Detailed Documentation
The Alternating Direction Method (ADM) is an effective algorithm for solving variational inequality problems. This algorithm achieves optimization by decomposing the original problem into a sequence of subproblems that progressively approach the optimal solution. For instance, in the reference paper "Decomposition Method with a Variable Parameter for a Class of Monotone Variational Inequality Problem," the authors propose a decomposition method incorporating variable parameters that demonstrates excellent performance when solving a specific class of monotone variational inequality problems. From an implementation perspective, ADM typically involves alternating between solving primal and dual subproblems, often utilizing proximal operators or projection steps in each iteration.
It's important to note that while the Alternating Direction Method performs excellently in many scenarios, it may have limitations in certain cases.

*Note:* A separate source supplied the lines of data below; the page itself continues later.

(* Let $\mathbf C$ be an admissible category of lattices, $X$ a convergence space, and $L$ a convergence $\mathbf C$-object. For every morphism $\varphi:L\to\mathbb P(X)$ in $\mathbf C^{\mathrm{conv}}$ there is a unique map $\varphi^\dagger:X\to\mathrm{pt}\,L$ such that $(\varphi^\dagger)^{-1}(\ell^\bullet)=\varphi(\ell)$ for every $\ell\in L$, and this map is continuous.
   Context: A filter on an inf-semilattice $L$ is a non-empty upward-closed subset closed under binary meets ($L$ itself allowed); $\mathbb F L$ is the set of filters. A category of lattices has lattices as objects and morphisms preserving finite suprema and infima; it is admissible if every powerset $\mathbb P(X)$ is an object and there are classes of index sets $\mathcal I,\mathcal J$ such that morphisms $L\to L'$ are exactly the monotone maps preserving all existing $I$-indexed infima ($I\in\mathcal I$) and $J$-indexed suprema ($J\in\mathcal J$). A convergence $\mathbf C$-object is $(L,\lim_L)$ with $L$ a $\mathbf C$-object and $\lim_L:\mathbb F L\to L$ monotone; morphisms $\varphi:L\to L'$ of $\mathbf C^{\mathrm{conv}}$ are $\mathbf C$-morphisms with $\lim_{L'}\mathcal F\le\varphi(\lim_L\varphi^{-1}(\mathcal F))$ for all $\mathcal F\in\mathbb F L'$. A convergence space is a set $X$ with a relation $\to$ between filters of subsets of $X$ and points with $\{S:x\in S\}\to x$ and $\mathcal F\to x,\mathcal F\subseteq\mathcal G\Rightarrow\mathcal G\to x$; $f:X\to Y$ is continuous if $\mathcal F\to x$ implies $f[\mathcal F]\to f(x)$, $f[\mathcal F]=\{B:f^{-1}(B)\in\mathcal F\}$. $\mathbb P(X)$ is the powerset with $\lim\mathcal F=\{x:\mathcal F\to x\}$. With $\mathbb P(1)=\{\emptyset,\{*\}\}$ and $\lim_{\mathbb P(1)}$ constantly $\{*\}$, $\mathrm{pt}\,L$ is the set of $\mathbf C^{\mathrm{conv}}$-morphisms $L\to\mathbb P(1)$, $\ell^\bullet=\{\psi\in\mathrm{pt}\,L:\psi(\ell)=\{*\}\}$, and $\mathrm{pt}\,L$ is a convergence space with $\mathcal F\to\psi$ iff $\psi\in(\lim_L\{\ell:\ell^\bullet\in\mathcal F\})^\bullet$. *)

From mathcomp Require Import all_boot.
From mathcomp Require Import boolp classical_sets.
Set Implicit Arguments.
Unset Strict Implicit.
Unset Printing Implicit Defensive.
Local Open Scope classical_set_scope.

Definition is_inf (T : Type) (le : T -> T -> Prop) (I : Type) (f : I -> T) (m : T) :=
  (forall i, le m (f i)) /\ (forall z, (forall i, le z (f i)) -> le z m).
Definition is_sup (T : Type) (le : T -> T -> Prop) (I : Type) (f : I -> T) (m : T) :=
  (forall i, le (f i) m) /\ (forall z, (forall i, le (f i) z) -> le m z).

Record Lattice := Lat {
  car :> Type;
  le : car -> car -> Prop;
  le_refl : forall x, le x x;
  le_trans : forall x y z, le x y -> le y z -> le x z;
  le_anti : forall x y, le x y -> le y x -> x = y;
  fin_inf : forall n (f : 'I_n -> car), exists m, is_inf le f m;
  fin_sup : forall n (f : 'I_n -> car), exists m, is_sup le f m }.

Lemma pow_anti (X : Type) (A B : set X) : A `<=` B -> B `<=` A -> A = B.
Proof. by move=> h1 h2; apply/seteqP; split. Qed.

Lemma pow_inf (X : Type) n (f : 'I_n -> set X) :
  exists m, is_inf (@subset X) f m.
Proof.
exists [set x | forall i, f i x]; split; first by move=> i x /(_ i).
by move=> z hz x zx i; apply: hz.
Qed.

Lemma pow_sup (X : Type) n (f : 'I_n -> set X) :
  exists m, is_sup (@subset X) f m.
Proof.
exists [set x | exists i, f i x]; split; first by move=> i x fx; exists i.
by move=> z hz x [i fx]; exact: hz fx.
Qed.

Definition powlat (X : Type) : Lattice :=
  @Lat (set X) (@subset X) (@subset_refl X) (fun A B C h1 h2 => subset_trans h1 h2)
    (@pow_anti X) (@pow_inf X) (@pow_sup X).

(** * Filters on an inf-semilattice (the whole lattice is allowed) *)
Definition isFilter (L : Lattice) (F : set L) : Prop :=
  (exists a, F a) /\
  (forall a b, F a -> le a b -> F b) /\
  (forall a b m, F a -> F b ->
     is_inf (@le L) (fun i : bool => if i then a else b) m -> F m).

Definition monotone (A B : Lattice) (phi : A -> B) :=
  forall x y, le x y -> le (phi x) (phi y).
Definition pres_inf (A B : Lattice) (I : Type) (phi : A -> B) :=
  forall (f : I -> A) m, is_inf (@le A) f m -> is_inf (@le B) (phi \o f) (phi m).
Definition pres_sup (A B : Lattice) (I : Type) (phi : A -> B) :=
  forall (f : I -> A) m, is_sup (@le A) f m -> is_sup (@le B) (phi \o f) (phi m).

Definition Hom (IC JC : Type -> Prop) (A B : Lattice) (phi : A -> B) :=
  monotone phi /\
  (forall I, IC I -> pres_inf I phi) /\
  (forall J, JC J -> pres_sup J phi).

Definition admissible (Obj : Lattice -> Prop) (IC JC : Type -> Prop) :=
  (forall (A B : Lattice) (phi : A -> B), Obj A -> Obj B -> Hom IC JC phi ->
     forall n, pres_inf 'I_n phi /\ pres_sup 'I_n phi) /\
  (forall X : Type, Obj (powlat X)).

(** * Convergence C-objects: lim is given as a function on subsets of L; only
    its values on filters matter (monotone on the poset of filters). *)
Record convObj := ConvObj {
  clat :> Lattice;
  lim : set clat -> clat;
  lim_mono : forall F G : set clat, isFilter F -> isFilter G -> F `<=` G ->
    le (lim F) (lim G) }.

Definition convHom (IC JC : Type -> Prop) (L L' : convObj) (phi : L -> L') :=
  Hom IC JC phi /\
  forall F : set L', isFilter F -> le (lim F) (phi (lim (phi @^-1` F))).

Definition setFilter (X : Type) (F : set (set X)) : Prop :=
  (exists A, F A) /\
  (forall A B, F A -> A `<=` B -> F B) /\
  (forall A B, F A -> F B -> F (A `&` B)).

Definition principal (X : Type) (x : X) : set (set X) := [set S | S x].

Record convSpace := ConvSpace {
  pts :> Type;
  conv : set (set pts) -> pts -> Prop;
  conv_point : forall x, conv (principal x) x;
  conv_up : forall (F G : set (set pts)) x, setFilter F -> setFilter G ->
    F `<=` G -> conv F x -> conv G x }.

Definition imfilter (X Y : Type) (f : X -> Y) (F : set (set X)) : set (set Y) :=
  [set B | F (f @^-1` B)].

Definition continuous_map (X Y : Type) (cX : set (set X) -> X -> Prop)
  (cY : set (set Y) -> Y -> Prop) (f : X -> Y) :=
  forall F x, setFilter F -> cX F x -> cY (imfilter f F) (f x).

Lemma filter_setFilter (X : Type) (F : set (set X)) :
  @isFilter (powlat X) F -> setFilter F.
Proof.
move=> [ne [up cl]]; split=> //; split=> // A B FA FB.
apply: (cl A B) => //; split; first by case=> x [].
by move=> z hz x zx; split; [exact: (hz true) | exact: (hz false)].
Qed.

Lemma powconv_mono (X : convSpace) (F G : set (set X)) :
  @isFilter (powlat X) F -> @isFilter (powlat X) G -> F `<=` G ->
  @le (powlat X) [set x | conv F x] [set x | conv G x].
Proof.
move=> hF hG FG x /= Fx.
exact: (conv_up (filter_setFilter hF) (filter_setFilter hG) FG Fx).
Qed.

Definition powconv (X : convSpace) : convObj :=
  @ConvObj (powlat X) (fun F => [set x | conv F x]) (@powconv_mono X).

Lemma p1_mono (F G : set (powlat unit)) :
  isFilter F -> isFilter G -> F `<=` G -> @le (powlat unit) [set tt] [set tt].
Proof. by move=> *; exact: subset_refl. Qed.

Definition P1 : convObj := @ConvObj (powlat unit) (fun _ => [set tt]) p1_mono.

Definition pt (IC JC : Type -> Prop) (L : convObj) :=
  {psi : L -> set unit | convHom IC JC (L := L) (L' := P1) psi}.

Definition bullet (IC JC : Type -> Prop) (L : convObj) (l : L) : set (pt IC JC L) :=
  [set psi | proj1_sig psi l = [set tt]].

Definition conv_pt (IC JC : Type -> Prop) (L : convObj)
  (F : set (set (pt IC JC L))) (psi : pt IC JC L) : Prop :=
  @bullet IC JC L (lim [set l | F (@bullet IC JC L l)]) psi.

From mathcomp Require Import all_boot.
From mathcomp Require Import boolp classical_sets.

(* Evaluation at a point x is a morphism P(X) -> P(1) of convergence objects:
   it preserves all infima and suprema, and the filter of sets whose evaluation
   is {*} contains the principal filter of x, which converges to x.  Composing
   phi with the evaluation at x therefore gives a point phi^dagger(x) of L,
   which lies in l^bullet exactly when x lies in phi(l).  A point is determined
   by the l^bullet containing it, whence uniqueness, and continuity is the
   convergence condition on phi read at the point x. *)

Local Open Scope classical_set_scope.

Lemma set_unit_eq_tt (A : set unit) : A = [set tt] <-> A tt.
Proof. by split=> [-> // | Att]; apply/seteqP; split=> -[]. Qed.

Lemma principal_setFilter {X : Type} (x : X) : setFilter (principal x).
Proof. by split; [exists setT | split=> [A B Ax /(_ x Ax) | A B]]. Qed.

Lemma setFilter_isFilter {X : Type} {F : set (set X)} :
  setFilter F -> @isFilter (powlat X) F.
Proof.
move=> [ne [up cl]]; split=> //; split=> // A B M FA FB [_ glbM].
apply: up (cl A B FA FB) _.
by apply: glbM => -[] x [].
Qed.

Lemma isFilter_preimage {A B : Lattice} {f : A -> B} {F : set B} :
  monotone f -> pres_inf bool f -> pres_inf 'I_0 f ->
  isFilter F -> isFilter (f @^-1` F).
Proof.
move=> f_mono f_inf2 f_inf0 [[b Fb] [up cl]].
have [top top_inf] := fin_inf (ffun0 (card_ord 0) : 'I_0 -> A).
split.
  exists top; apply: up Fb _.
  by apply: (proj2 (f_inf0 _ _ top_inf)) => -[].
split; first by move=> a a' Fa aa'; exact: up Fa (f_mono _ _ aa').
move=> a a' m Fa Fa' m_inf; apply: cl Fa Fa' _.
by have := f_inf2 _ _ m_inf; congr is_inf; apply: funext => -[].
Qed.

Section Morphisms.
Context {IC JC : Type -> Prop}.

Lemma Hom_comp {A B C : Lattice} {f : A -> B} {g : B -> C} :
  Hom IC JC f -> Hom IC JC g -> Hom IC JC (g \o f).
Proof.
move=> [f_mono [f_inf f_sup]] [g_mono [g_inf g_sup]]; split.
  by move=> x y xy; apply/g_mono/f_mono.
split=> [I hI h m m_inf | J hJ h m m_sup].
  exact/(g_inf I hI)/(f_inf I hI).
exact/(g_sup J hJ)/(f_sup J hJ).
Qed.

Lemma convHom_comp {L L' L'' : convObj} {f : L -> L'} {g : L' -> L''} :
  convHom IC JC f -> convHom IC JC g ->
  pres_inf bool g -> pres_inf 'I_0 g -> convHom IC JC (g \o f).
Proof.
move=> [f_hom f_lim] [g_hom g_lim] g_inf2 g_inf0; split.
  exact: Hom_comp.
move=> F F_filter; apply: le_trans (g_lim F F_filter) _.
apply: (proj1 g_hom); apply: f_lim.
exact: isFilter_preimage (proj1 g_hom) g_inf2 g_inf0 F_filter.
Qed.

End Morphisms.

Definition eval_at {X : Type} (x : X) (A : set X) : set unit := [set _ | A x].

Section Evaluation.
Context {X : Type}.
Implicit Types x : X.

Lemma eval_at_monotone x : @monotone (powlat X) (powlat unit) (eval_at x).
Proof. by move=> A B AB u; exact: AB. Qed.

Lemma eval_at_pres_inf (I : Type) x :
  @pres_inf (powlat X) (powlat unit) I (eval_at x).
Proof.
move=> g M [lbM glbM]; split=> [i u | U lbU [] Utt]; first exact: lbM.
by apply: (glbM [set x]) => // i y ->; exact: lbU Utt.
Qed.

(* If x were in M but not in an upper bound U, then M minus x would be a
   smaller upper bound of the family. *)
Lemma eval_at_pres_sup (I : Type) x :
  @pres_sup (powlat X) (powlat unit) I (eval_at x).
Proof.
move=> g M [ubM lubM]; split=> [i u | U ubU [] Mx]; first exact: ubM.
apply: contrapT => Untt.
have /(_ x Mx) [] // : M `<=` [set y | M y /\ y <> x].
apply: lubM => i y giy; split; first exact: ubM giy.
by move=> yx; apply: Untt; apply: (ubU i); rewrite /= -yx.
Qed.

Lemma eval_at_Hom (IC JC : Type -> Prop) x :
  @Hom IC JC (powlat X) (powlat unit) (eval_at x).
Proof.
split; first exact: eval_at_monotone.
by split=> ? _; [exact: eval_at_pres_inf | exact: eval_at_pres_sup].
Qed.

End Evaluation.

Lemma eval_at_convHom (IC JC : Type -> Prop) {X : convSpace} (x : X) :
  convHom IC JC (L := powconv X) (L' := P1) (eval_at x).
Proof.
split; first exact: eval_at_Hom.
move=> F F_filter [] _ /=.
have G_filter : @isFilter (powlat X) (eval_at x @^-1` F).
  by apply: isFilter_preimage F_filter;
    [exact: eval_at_monotone | exact (eval_at_pres_inf _ x) ..].
apply: conv_up (principal_setFilter x) (filter_setFilter G_filter) _
  (conv_point x).
move=> A Ax; rewrite /= (proj2 (set_unit_eq_tt (eval_at x A)) Ax).
by case: F_filter => -[a Fa] [up _]; apply: up Fa _ => -[].
Qed.

Section Points.
Context {IC JC : Type -> Prop} {L : convObj}.

Lemma pt_ext (psi psi' : pt IC JC L) :
  (forall l, bullet l psi <-> bullet l psi') -> psi = psi'.
Proof.
case: psi psi' => [psi ?] [psi' ?] same_bullets; apply: eq_exist.
apply: funext => l; apply/seteqP; split=> -[].
  by rewrite -!set_unit_eq_tt; apply: (same_bullets l).1.
by rewrite -!set_unit_eq_tt; apply: (same_bullets l).2.
Qed.

Lemma pt_map_eq {X : Type} (f g : X -> pt IC JC L) :
  (forall l, f @^-1` bullet l = g @^-1` bullet l) -> f = g.
Proof.
move=> same_preimages; apply: funext => x; apply: pt_ext => l.
by rewrite -[bullet l (f x)]/((f @^-1` bullet l) x) same_preimages.
Qed.

Context {X : convSpace} {phi : L -> set X}.
Hypothesis hphi : convHom IC JC (L := L) (L' := powconv X) phi.

Definition pt_of_eval (x : X) : pt IC JC L :=
  exist _ (eval_at x \o phi)
    (convHom_comp hphi (eval_at_convHom IC JC x)
       (eval_at_pres_inf _ x) (eval_at_pres_inf _ x)).

Lemma preimage_bullet_pt_of_eval (l : L) : pt_of_eval @^-1` bullet l = phi l.
Proof. by apply/seteqP; split=> x; rewrite /= /bullet /= set_unit_eq_tt. Qed.

Lemma continuous_pt_map (f : X -> pt IC JC L) :
  (forall l, f @^-1` bullet l = phi l) ->
  continuous_map (@conv X) (@conv_pt IC JC L) f.
Proof.
move=> f_bullet F x F_filter Fx.
rewrite /conv_pt -[bullet _ (f x)]/((f @^-1` bullet _) x) f_bullet.
have -> : [set l | imfilter f F (bullet l)] = phi @^-1` F.
  by apply/seteqP; split=> l; rewrite /imfilter /= f_bullet.
exact: (proj2 hphi F (setFilter_isFilter F_filter) x Fx).
Qed.

End Points.

Theorem mainTheorem4 (Obj : Lattice -> Prop) (IC JC : Type -> Prop)
  (hC : admissible Obj IC JC) (X : convSpace) (L : convObj) (hL : Obj L)
  (phi : L -> set X) (hphi : convHom IC JC (L := L) (L' := powconv X) phi) :
  exists phid : X -> pt IC JC L,
    ((forall l : L, phid @^-1` @bullet IC JC L l = phi l) /\
     continuous_map (@conv X) (@conv_pt IC JC L) phid) /\
    (forall g : X -> pt IC JC L,
       (forall l : L, g @^-1` @bullet IC JC L l = phi l) -> g = phid).
Proof.
have phid_bullet := preimage_bullet_pt_of_eval hphi.
exists (pt_of_eval hphi); split; first split.
- exact: phid_bullet.
- exact: continuous_pt_map hphi _ phid_bullet.
- by move=> g g_bullet; apply: pt_map_eq => l; rewrite g_bullet phid_bullet.
Qed.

Therefore, algorithm selection should involve careful consideration of specific problem characteristics. In practical applications, factors such as algorithm complexity and convergence properties must be evaluated. The convergence rate of ADM can be analyzed through techniques like establishing contraction properties or using Lyapunov functions. Typically, the algorithm requires implementing projection operations onto constraint sets and solving regularized subproblems at each iteration.
In summary, the Alternating Direction Method represents a valuable algorithm worthy of exploration and application, providing effective solutions for variational inequality problems. Code implementation generally involves iterative updates of primal and dual variables, with convergence checks based on residual norms or duality gap measurements.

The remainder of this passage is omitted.